Definition cstQ (v : R) : Qk := fun a b => if (a == ord0) && (b == ord0) then v else 0.
Definition shiftQ (th : R) (q : Qk) (v : R) : Qk :=
  fun a b => th * q a b + cstQ ((1 - th) * v) a b.

Definition oneF : SF := fun _ _ => cstQ 1.

Definition combF (al : R) (f : SF) (be : R) (g : SF) : SF :=
  fun i j a b => al * f i j a b + be * g i j a b.
Definition combS (al : R) (U : State) (be : R) (V : State) : State :=
  fun c => combF al (U c) be (V c).

(* a point of a cell given in reference coordinates *)
Record pt := Pt { pi : 'I_(Nx D); pj : 'I_(Ny D); px : R; py : R }.
Definition evp (f : SF) (p : pt) : R := evalQ (f (pi p) (pj p)) (px p) (py p).
(* physical derivatives d/dx, d/dy *)
Definition dXp (f : SF) (p : pt) : R := 2 / dx D * dxiQ (f (pi p) (pj p)) (px p) (py p).
Definition dYp (f : SF) (p : pt) : R := 2 / dx D * detaQ (f (pi p) (pj p)) (px p) (py p).
Definition Uval (U : State) (p : pt) : 'I_4 -> R := fun c => evp (U c) p.

Definition volG (Phi : pt -> R) : R :=
  \sum_(i < Nx D) \sum_(j < Ny D) \sum_(a < k.+1) \sum_(b < k.+1)
     gw D a * gw D b * (dx D / 2) ^+ 2 * Phi (Pt i j (gx D a) (gx D b)).
Definition volGL (Phi : pt -> R) : R :=
  \sum_(i < Nx D) \sum_(j < Ny D) \sum_(a < k.+1) \sum_(b < k.+1)
     lw D a * lw D b * (dx D / 2) ^+ 2 * Phi (Pt i j (lx D a) (lx D b)).

(* (f, g) : L^2 inner product by Gauss quadrature *)
Definition ipG (f g : SF) : R := volG (fun p => evp f p * evp g p).
(* <f, g> : L^2 inner product by Gauss-Lobatto quadrature *)
Definition ipGL (f g : SF) : R := volGL (fun p => evp f p * evp g p).
Definition ipGL3 (r f g : SF) : R := volGL (fun p => evp r p * evp f p * evp g p).
Definition vipGL (u th : VF) : R := ipGL u.1 th.1 + ipGL u.2 th.2.
Definition vipGL3 (r : SF) (u th : VF) : R := ipGL3 r u.1 th.1 + ipGL3 r u.2 th.2.
Definition kinGL (r : SF) (m : VF) (chi : SF) : R :=
  volGL (fun p => evp m.1 p / (2 * evp r p) * (evp m.1 p * evp chi p)
                + evp m.2 p / (2 * evp r p) * (evp m.2 p * evp chi p)).

(* The integrand
   Phi n1 n2 pm pp receives the normal n_e = (n1,n2) and the traces points
   pm (in K^-) and pp (in K^+).  Each face is listed once: the vertical face
   between K_(i,j) and K_(i+1 mod Nx, j) with n_e = (1,0), and the horizontal
   face between K_(i,j) and K_(i, j+1 mod Ny) with n_e = (0,1). *)
Definition facesGL (Phi : R -> R -> pt -> pt -> R) : R :=
  \sum_(i < Nx D) \sum_(j < Ny D) \sum_(b < k.+1) lw D b * (dx D / 2) *
    (Phi 1 0 (Pt i j 1 (lx D b)) (Pt (ordS i) j (-1) (lx D b)) +
     Phi 0 1 (Pt i j (lx D b) 1) (Pt i (ordS j) (lx D b) (-1))).

Definition dot2 (a b : R * R) : R := a.1 * b.1 + a.2 * b.2.
Definition avgf (g : pt -> R) (pm pp : pt) : R := (g pm + g pp) / 2.
Definition jump (g : pt -> R) (pm pp : pt) : R := g pm - g pp.
Definition avgv (g : pt -> R * R) (pm pp : pt) : R * R :=
  (((g pm).1 + (g pp).1) / 2, ((g pm).2 + (g pp).2) / 2).
Definition vjump (u : VF) (pm pp : pt) : R * R :=
  (jump (evp u.1) pm pp, jump (evp u.2) pm pp).

(* strain eps(u) = (grad u + grad u^T)/2 *)
Definition e11 (u : VF) (p : pt) : R := dXp u.1 p.
Definition e22 (u : VF) (p : pt) : R := dYp u.2 p.
Definition e12 (u : VF) (p : pt) : R := (dYp u.1 p + dXp u.2 p) / 2.
Definition epsdot (u v : VF) (p : pt) : R :=
  e11 u p * e11 v p + e22 u p * e22 v p + 2 * (e12 u p * e12 v p).
Definition epsn (u : VF) (n1 n2 : R) (p : pt) : R * R :=
  (e11 u p * n1 + e12 u p * n2, e12 u p * n1 + e22 u p * n2).
Definition divu (u : VF) (p : pt) : R := dXp u.1 p + dYp u.2 p.
Definition dotn (u : VF) (n1 n2 : R) (p : pt) : R := evp u.1 p * n1 + evp u.2 p * n2.

Definition a_eps (u th : VF) : R :=
  2 * volGL (epsdot u th)
  - 2 * facesGL (fun n1 n2 pm pp => dot2 (avgv (epsn u n1 n2) pm pp) (vjump th pm pp))
  + 2 * facesGL (fun n1 n2 pm pp => dot2 (avgv (epsn th n1 n2) pm pp) (vjump u pm pp))
  + sig P / hd D * facesGL (fun _ _ pm pp => dot2 (vjump u pm pp) (vjump th pm pp)).

Definition a_lam (u th : VF) : R :=
  - volGL (fun p => divu u p * divu th p)
  + facesGL (fun n1 n2 pm pp => avgf (divu u) pm pp * jump (dotn th n1 n2) pm pp)
  - facesGL (fun n1 n2 pm pp => avgf (divu th) pm pp * jump (dotn u n1 n2) pm pp).

Definition a_D (e chi : SF) : R :=
  volGL (fun p => dXp e p * dXp chi p + dYp e p * dYp chi p)
  - facesGL (fun n1 n2 pm pp =>
       avgf (fun p => dXp e p * n1 + dYp e p * n2) pm pp * jump (evp chi) pm pp)
  + sigt P / hd D * facesGL (fun _ _ pm pp => jump (evp e) pm pp * jump (evp chi) pm pp).

Definition b_eps (u : VF) (chi : SF) : R :=
  2 * volGL (fun p => epsdot u u p * evp chi p)
  + sig P / hd D * facesGL (fun _ _ pm pp =>
       dot2 (vjump u pm pp) (vjump u pm pp) * avgf (evp chi) pm pp).

Definition b_lam (u : VF) (chi : SF) : R :=
  - volGL (fun p => divu u p ^+ 2 * evp chi p).

Definition pres (w : 'I_4 -> R) : R :=
  (gam P - 1) * (w c3 - (w c1 ^+ 2 + w c2 ^+ 2) / (2 * w c0)).
Definition fluxn (n1 n2 : R) (w : 'I_4 -> R) : 'I_4 -> R :=
  let mn := w c1 * n1 + w c2 * n2 in
  let un := mn / w c0 in
  fun c => match nat_of_ord c with
           | 0 => mn
           | 1 => w c1 * un + pres w * n1
           | 2 => w c2 * un + pres w * n2
           | _ => (w c3 + pres w) * un
           end.
(* wave speed |u.n| + c in direction n (|n| = 1) *)
Definition speed (n1 n2 : R) (w : 'I_4 -> R) : R :=
  `|(w c1 * n1 + w c2 * n2) / w c0| + Num.sqrt (gam P * pres w / w c0).
Definition alphaV (U : State) (i : 'I_(Nx D)) (j : 'I_(Ny D)) : R :=
  \big[Num.max/0]_(b < k.+1)
     Num.max (speed 1 0 (Uval U (Pt i j 1 (gx D b))))
             (speed 1 0 (Uval U (Pt (ordS i) j (-1) (gx D b)))).
Definition alphaH (U : State) (i : 'I_(Nx D)) (j : 'I_(Ny D)) : R :=
  \big[Num.max/0]_(b < k.+1)
     Num.max (speed 0 1 (Uval U (Pt i j (gx D b) 1)))
             (speed 0 1 (Uval U (Pt i (ordS j) (gx D b) (-1)))).
(* local Lax-Friedrichs flux: n = n_K, win = U^- (interior), wout = U^+ *)
Definition llf (n1 n2 al : R) (win wout : 'I_4 -> R) : 'I_4 -> R :=
  fun c => (fluxn n1 n2 win c + fluxn n1 n2 wout c) / 2 - al / 2 * (wout c - win c).

Definition ipK (q psi : Qk) : R :=
  \sum_(a < k.+1) \sum_(b < k.+1) gw D a * gw D b * (dx D / 2) ^+ 2 *
     (evalQ q (gx D a) (gx D b) * evalQ psi (gx D a) (gx D b)).

(* right-hand side of the semi-discrete DG method, component c, cell (i,j),
   test function psi in Q^k(K):
   (F^a(U), grad psi)_K - int_{dK} (F^a.n_K)^ psi  (Gauss quadrature) *)
Definition rhsH (U : State) (c : 'I_4) (i : 'I_(Nx D)) (j : 'I_(Ny D)) (psi : Qk) : R :=
  \sum_(a < k.+1) \sum_(b < k.+1) gw D a * gw D b * (dx D / 2) ^+ 2 *
     (fluxn 1 0 (Uval U (Pt i j (gx D a) (gx D b))) c
        * (2 / dx D * dxiQ psi (gx D a) (gx D b))
    + fluxn 0 1 (Uval U (Pt i j (gx D a) (gx D b))) c
        * (2 / dx D * detaQ psi (gx D a) (gx D b)))
  - \sum_(b < k.+1) gw D b * (dx D / 2) *
     (llf 1 0 (alphaV U i j) (Uval U (Pt i j 1 (gx D b)))
            (Uval U (Pt (ordS i) j (-1) (gx D b))) c * evalQ psi 1 (gx D b)
    + llf (-1) 0 (alphaV U (ord_pred i) j) (Uval U (Pt i j (-1) (gx D b)))
            (Uval U (Pt (ord_pred i) j 1 (gx D b))) c * evalQ psi (-1) (gx D b)
    + llf 0 1 (alphaH U i j) (Uval U (Pt i j (gx D b) 1))
            (Uval U (Pt i (ordS j) (gx D b) (-1))) c * evalQ psi (gx D b) 1
    + llf 0 (-1) (alphaH U i (ord_pred j)) (Uval U (Pt i j (gx D b) (-1)))
            (Uval U (Pt i (ord_pred j) (gx D b) 1)) c * evalQ psi (gx D b) (-1)).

**Instructions for the task**
Return, exactly, the lines from the first line of the records above to the line containing "lw D a * lw", both included.

**Exercise solution**
Definition cstQ (v : R) : Qk := fun a b => if (a == ord0) && (b == ord0) then v else 0.
Definition shiftQ (th : R) (q : Qk) (v : R) : Qk :=
  fun a b => th * q a b + cstQ ((1 - th) * v) a b.

Definition oneF : SF := fun _ _ => cstQ 1.

Definition combF (al : R) (f : SF) (be : R) (g : SF) : SF :=
  fun i j a b => al * f i j a b + be * g i j a b.
Definition combS (al : R) (U : State) (be : R) (V : State) : State :=
  fun c => combF al (U c) be (V c).

(* a point of a cell given in reference coordinates *)
Record pt := Pt { pi : 'I_(Nx D); pj : 'I_(Ny D); px : R; py : R }.
Definition evp (f : SF) (p : pt) : R := evalQ (f (pi p) (pj p)) (px p) (py p).
(* physical derivatives d/dx, d/dy *)
Definition dXp (f : SF) (p : pt) : R := 2 / dx D * dxiQ (f (pi p) (pj p)) (px p) (py p).
Definition dYp (f : SF) (p : pt) : R := 2 / dx D * detaQ (f (pi p) (pj p)) (px p) (py p).
Definition Uval (U : State) (p : pt) : 'I_4 -> R := fun c => evp (U c) p.

Definition volG (Phi : pt -> R) : R :=
  \sum_(i < Nx D) \sum_(j < Ny D) \sum_(a < k.+1) \sum_(b < k.+1)
     gw D a * gw D b * (dx D / 2) ^+ 2 * Phi (Pt i j (gx D a) (gx D b)).
Definition volGL (Phi : pt -> R) : R :=
  \sum_(i < Nx D) \sum_(j < Ny D) \sum_(a < k.+1) \sum_(b < k.+1)
     lw D a * lw D b * (dx D / 2) ^+ 2 * Phi (Pt i j (lx D a) (lx D b)).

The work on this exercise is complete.